While the classification of client and server side issues is easy, it's also not realistic. So let's expand the 
categories a bit more and let's "mark" them with keyword:

1. Fleet itself (the binary/docker image running the Fleet API): `SERVER`
   1. A specific part of the Fleet UI is slow: `PARTIALSERVER`
2. MySQL: `MYSQL`
3. Redis: `REDIS`
4. Infrastructure: `INFRA`
5. osquery / orbit / Fleet Desktop: `OSQUERY`

With this areas in mind, here's a list of possible issues and what are you should look into:

- A specific device (or a handful of devices) is not behaving as expected -> `OSQUERY`
- A specific device appears online but last fetch at is old -> `OSQUERY`
- The Fleet UI is slow overall -> `SERVER`
- A specific page (or a handful of pages, but not all) in the Fleet UI is slow -> `PARTIALSERVER`
- New devices cannot enroll -> `OSQUERY`
- Live query results come in very slowly -> `REDIS` or `SERVER`
- osquery Extensions are not working correctly -> `OSQUERY`
- fleetctl is getting errors when applying yamls -> `SERVER` 
- Migrations are taking too long -> `MYSQL`
- I see connection/network errors on the fleetctl or osquery logs, but not on my Fleet logs -> `INFRA`

### SERVER

Whenever diagnosing a server side issue, one of the first steps is to look at Fleet itself.
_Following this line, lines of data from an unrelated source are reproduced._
(* For every positive integer $n$ and every function $\sigma\colon E(K_{4n})\to\{-1,1\}$ with $\left|\sigma\left(E(K_{4n})\right)\right|<n^2+11n+2$, there is a perfect matching $M$ in $K_{4n}$ with $|\sigma(M)|\leq 2$.
   Context: $K_{4n}$ denotes the complete graph on $4n$ vertices and $E(K_{4n})$ its edge set. For a set $F$ of edges, $\sigma(F)=\sum_{e\in F}\sigma(e)$. *)

From mathcomp Require Import all_boot all_order all_algebra.
Set Implicit Arguments. Unset Strict Implicit. Unset Printing Implicit Defensive.
Import Order.TTheory GRing.Theory Num.Theory.

(* The complete graph K_m on vertex set 'I_m: its edges are the 2-element
   subsets of 'I_m. *)
Definition is_edge (m : nat) (e : {set 'I_m}) : bool := #|e| == 2.

(* A signing sigma : E(K_m) -> {-1,1}; represented as a function on all
   subsets, constrained only on edges. *)
Definition is_signing (m : nat) (sigma : {set 'I_m} -> int) : Prop :=
  forall e : {set 'I_m}, is_edge e -> sigma e = 1%R \/ sigma e = (-1)%R.

Definition sigma_sum (m : nat) (sigma : {set 'I_m} -> int)
  (F : {set {set 'I_m}}) : int := (\sum_(e in F) sigma e)%R.

Definition edges_K (m : nat) : {set {set 'I_m}} := [set e | is_edge e].

Definition perfect_matching (m : nat) (M : {set {set 'I_m}}) : Prop :=
  (forall e, e \in M -> is_edge e) /\
  (forall v : 'I_m, #|[set e in M | v \in e]| = 1%N).

From mathcomp Require Import all_boot all_order all_algebra all_fingroup.
From mathcomp Require Import zify.
From Stdlib Require Import Classical.
Import Order.TTheory GRing.Theory Num.Theory.
Set Implicit Arguments. Unset Strict Implicit. Unset Printing Implicit Defensive.

(* A perfect matching of K_N is encoded as a fixed-point-free involution p of
   'I_N (x is matched with p x); with s x y := sigma {x, y}, its "pair sum"
   \sum_x s x (p x) equals 2 sigma(M_p), so the goal is |pair sum| <= 4.

   Re-pairing v with q v changes at most four pairs of p,
      hence the pair sum by at most 8, and strictly reduces the disagreement
      with q.  So if one involution has pair sum <= 4 and another >= -4, a
      walk between them meets one with |pair sum| <= 4.
   2. An Erdos-Gallai type bound.  If every perfect matching contains at most
      nu edges of a graph g on N vertices, then twice the number of edges of
      g is at most eg_profile N nu t for some t <= nu.  Left-shifting
      (compressing) g keeps its edge count and this matching property while
      decreasing a potential; in a left-shifted graph one pair {t, 2nu+1-t}
      with t <= nu is a non-edge, which confines every edge.
   3. Counting.  For the graph of negative edges with N = 4n, nu = n - 2,
      step 2 shows that if every matching had pair sum >= 5 then
      sigma(E) >= n^2 + 11n + 2.  Applying this to sigma and to -sigma gives
      the two end points of the walk of step 1. *)

Section Involutions.
Variable N : nat.
Implicit Types (p q : 'I_N -> 'I_N) (v a x : 'I_N).

Definition fpf_involution p := involutive p /\ forall x, p x != x.

Definition repair p v a : 'I_N -> 'I_N := fun x =>
  if x == v then a else if x == a then v else
  if x == p v then p a else if x == p a then p v else p x.

Lemma repair_out p v a x : x \notin [:: v; a; p v; p a] -> repair p v a x = p x.
Proof.
by rewrite !inE /repair => /norP[/negPf-> /norP[/negPf-> /norP[/negPf-> /negPf->]]].
Qed.

Section Repair.
Variables (p : 'I_N -> 'I_N) (v a : 'I_N).
Hypotheses (ip : fpf_involution p) (va : v != a) (apv : a != p v).

Let pK : involutive p := ip.1.
Let pvv : p v != v := ip.2 v.
Let paa : p a != a := ip.2 a.
Let pav : p a != v.
Proof. by apply: contra apv => /eqP <-; rewrite pK. Qed.
Let papv : p a != p v.
Proof. by rewrite (inj_eq (inv_inj pK)) eq_sym. Qed.
Let pva : p v != a.
Proof. by rewrite eq_sym. Qed.

Lemma repair_at : [/\ repair p v a v = a, repair p v a a = v,
  repair p v a (p v) = p a & repair p v a (p a) = p v].
Proof.
rewrite /repair !eqxx eq_sym (negPf va) (negPf pvv) (negPf pva).
by rewrite (negPf pav) (negPf paa) (negPf papv).
Qed.

Lemma repair_involution : fpf_involution (repair p v a).
Proof.
split=> x; rewrite /repair.
- case: (eqVneq x v) => [->|xv]; first by rewrite eqxx eq_sym (negPf va).
  case: (eqVneq x a) => [->|xa]; first by rewrite eqxx.
  case: (eqVneq x (p v)) => [->|xpv].
    by rewrite (negPf pav) (negPf paa) (negPf papv) eqxx.
  case: (eqVneq x (p a)) => [->|xpa]; first by rewrite (negPf pvv) (negPf pva) eqxx.
  have [e1 e2] : p x != v /\ p x != a.
    by split; [apply: contra xpv | apply: contra xpa] => /eqP <-; rewrite pK.
  have [e3 e4] : p x != p v /\ p x != p a by rewrite !(inj_eq (inv_inj pK)).
  by rewrite (negPf e1) (negPf e2) (negPf e3) (negPf e4) pK.
- case: (eqVneq x v) => [->|xv]; first by rewrite eq_sym.
  case: (eqVneq x a) => [->|xa]; first by [].
  case: (eqVneq x (p v)) => [->|xpv]; first by [].
  case: (eqVneq x (p a)) => [->|xpa]; first by rewrite eq_sym.
  exact: ip.2.
Qed.

End Repair.

Definition mismatch p q := #|[set x | p x != q x]|.

Lemma repair_mismatch p q v : fpf_involution p -> fpf_involution q -> p v != q v ->
  mismatch (repair p v (q v)) q < mismatch p q.
Proof.
move=> [pK pfp] [qK qfp] pq.
rewrite /mismatch (cardsD1 v [set x | p x != q x]) inE pq add1n ltnS.
apply: subset_leq_card; apply/subsetP => x; rewrite !inE /repair.
case: (eqVneq x v) => [->|xv]; first by rewrite eqxx.
case: (eqVneq x (q v)) => [->|xqv]; first by rewrite qK eqxx.
case: (eqVneq x (p v)) => [->|xpv].
  by rewrite pK => _ /=; rewrite eq_sym (can2_eq qK qK).
case: (eqVneq x (p (q v))) => [->|//]; rewrite pK => _.
by rewrite (inj_eq (inv_inj qK)) eq_sym (can2_eq pK pK) eq_sym.
Qed.

Definition canonical_pair m (x : nat) :=
  if x < m then m.-1 - x else if odd x then x.-1 else x.+1.

Lemma canonical_involution m : ~~ odd N -> ~~ odd m -> m <= N ->
  exists2 p, fpf_involution p & forall x, p x = canonical_pair m x :> nat.
Proof.
move=> evenN evenm mN.
have ltN x : canonical_pair m x < N.
  by have := ltn_ord x; rewrite /canonical_pair; repeat case: ifP => ?; lia.
exists (fun x => Ordinal (ltN x)) => //; split=> x; last first.
  by apply/eqP => /(congr1 val) /=; rewrite /canonical_pair; repeat case: ifP => ?; lia.
apply: val_inj => /=; rewrite /canonical_pair.
by have [xm|xm] := ltnP x m; [|case ox : (odd x)]; repeat case: ifP => ?; lia.
Qed.

End Involutions.

Section PairSums.
Variables (N : nat) (s : 'I_N -> 'I_N -> int).
Implicit Types (p q : 'I_N -> 'I_N) (v a x : 'I_N).

Definition pm_one := forall x y, x != y -> s x y = 1%R \/ s x y = (-1)%R.

Definition pair_sum p : int := (\sum_x s x (p x))%R.

Hypothesis s_pm : pm_one.

(* A re-pairing moves the pair sum by at most 8 = 4 vertices * 2. *)
Lemma pair_sum_repair p v a : fpf_involution p -> v != a -> a != p v ->
  (`|pair_sum (repair p v a) - pair_sum p| <= 8)%R.
Proof.
move=> ip va apv; have [_ rfp] := repair_involution ip va apv.
rewrite /pair_sum -sumrB; apply: le_trans (ler_norm_sum _ _ _) _.
pose moved := [:: v; a; p v; p a].
apply: (@le_trans _ _ (\sum_x (if x \in moved then 2 else 0))%R).
  apply: ler_sum => x _; case: ifPn => [_|xout]; last by rewrite repair_out // subrr normr0.
  have [xr xp] : x != repair p v a x /\ x != p x by rewrite !(eq_sym x) rfp ip.2.
  by case: (s_pm xr) => ->; case: (s_pm xp) => ->.
rewrite -big_mkcond /= sumr_const -mulr_natr.
have : #|moved| <= 4 := card_size moved.
set c := #|_|; lia.
Qed.

(* Discrete intermediate value theorem along the re-pairing walk from p to
   q: every step keeps the pair sum <= 4 until it reaches [-4, 4]. *)
Lemma balanced_involution p q : fpf_involution p -> fpf_involution q ->
  (pair_sum p <= 4)%R -> (-4 <= pair_sum q)%R ->
  exists2 r, fpf_involution r & (`|pair_sum r| <= 4)%R.
Proof.
move=> + iq + hq; move Ed: (mismatch p q) => d.
elim/ltn_ind: d p Ed => d IH p Ed ip hp.
have [lo|hi] := lerP (-4) (pair_sum p); first by exists p; rewrite // ler_norml lo.
case: (pickP (fun x => p x != q x)) => [v /= pv | same]; last first.
  have: pair_sum p = pair_sum q.
    by apply: eq_bigr => x _; move/negbFE/eqP: (same x) => ->.
  lia.
have vqv : v != q v by rewrite eq_sym iq.2.
have qvpv : q v != p v by rewrite eq_sym.
apply: (IH _ _ _ erefl (repair_involution ip vqv qvpv)).
  by rewrite -Ed; apply: repair_mismatch.
have := pair_sum_repair ip vqv qvpv; rewrite ler_norml; lia.
Qed.

End PairSums.

Section Matchings.
Variable N : nat.
Implicit Types (p : 'I_N -> 'I_N) (F : {set 'I_N} -> int).

Lemma sum_edges_at (M : {set {set 'I_N}}) F : (forall e, e \in M -> #|e| = 2) ->
  (\sum_x \sum_(e in [set e in M | x \in e]) F e = 2 * \sum_(e in M) F e)%R.
Proof.
move=> M2; under eq_bigr => x _.
  rewrite (eq_bigl (fun e => (e \in M) && (x \in e))) => [|e]; last by rewrite inE.
  rewrite big_mkcondr /=.
over.
rewrite exchange_big /= mulr_sumr; apply: eq_bigr => e eM.
by rewrite -big_mkcond /= sumr_const -/#|e| M2 // mulr2n mulrDl mul1r.
Qed.

Lemma sum_edges_K F :
  (2 * \sum_(e in edges_K N) F e = \sum_x \sum_(y | y != x) F [set x; y])%R.
Proof.
rewrite -sum_edges_at; last by move=> e; rewrite inE => /eqP.
apply: eq_bigr => x _.
have inj : {in [set~ x] &, injective (fun y => [set x; y])}.
  move=> y1 y2; rewrite in_setC1 => y1x _ e12.
  by have := set22 x y1; rewrite e12 in_set2 (negPf y1x) => /eqP.
rewrite [RHS](eq_bigl (fun y => y \in [set~ x])) => [|y]; last by rewrite in_setC1.
rewrite -(big_imset _ inj) /=; apply: eq_bigl => e; rewrite !inE /is_edge.
apply/andP/imsetP => [[/cards2P[a [b [ab ->]]]]|[y]].
  rewrite in_set2 => /orP[]/eqP->; first by exists b; rewrite // in_setC1 eq_sym.
  by exists a; rewrite ?in_setC1 // setUC.
by rewrite in_setC1 => yx ->; rewrite cards2 set21 (eq_sym x) yx.
Qed.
In particular, that means 
looking at the logs across all instances that are running. How to look at these logs would vary depending on your 
deployment. If, for instance, it's an AWS deployment, and you're using our terraform files as guidance, you'd use 
CloudWatch.

Fleet by default will log errors, and those are the first thing to look for. If you have debug logging enabled, you can 
filter errors by filtering the keyword `err`.

These logs will be the first way to triage a server side error. For example, if there are timeouts happening in APIs, 
you should continue by looking at `MYSQL` and then `REDIS`. Otherwise, if it looks like a more illustrative error, this 
would be a good point to reach out with all the information gathered.

If there are no errors in the logs and everything looks normal, check `INFRA`.

### PARTIALSERVER

Sometimes Fleet operates without any errors but accessing a specific part of the web UI are slow. As a starting point it
would be good to get a screenshot of the Network tab in the Developer Tools of your browser. The main data that needs to 
be visible are: Name, Status, and Time (in Chrome's terms). 
[Here's how to accomplish this using Google Chrome](https://developer.chrome.com/docs/devtools/network/).

Besides from this, it might be good to continue with `MYSQL` and `REDIS`.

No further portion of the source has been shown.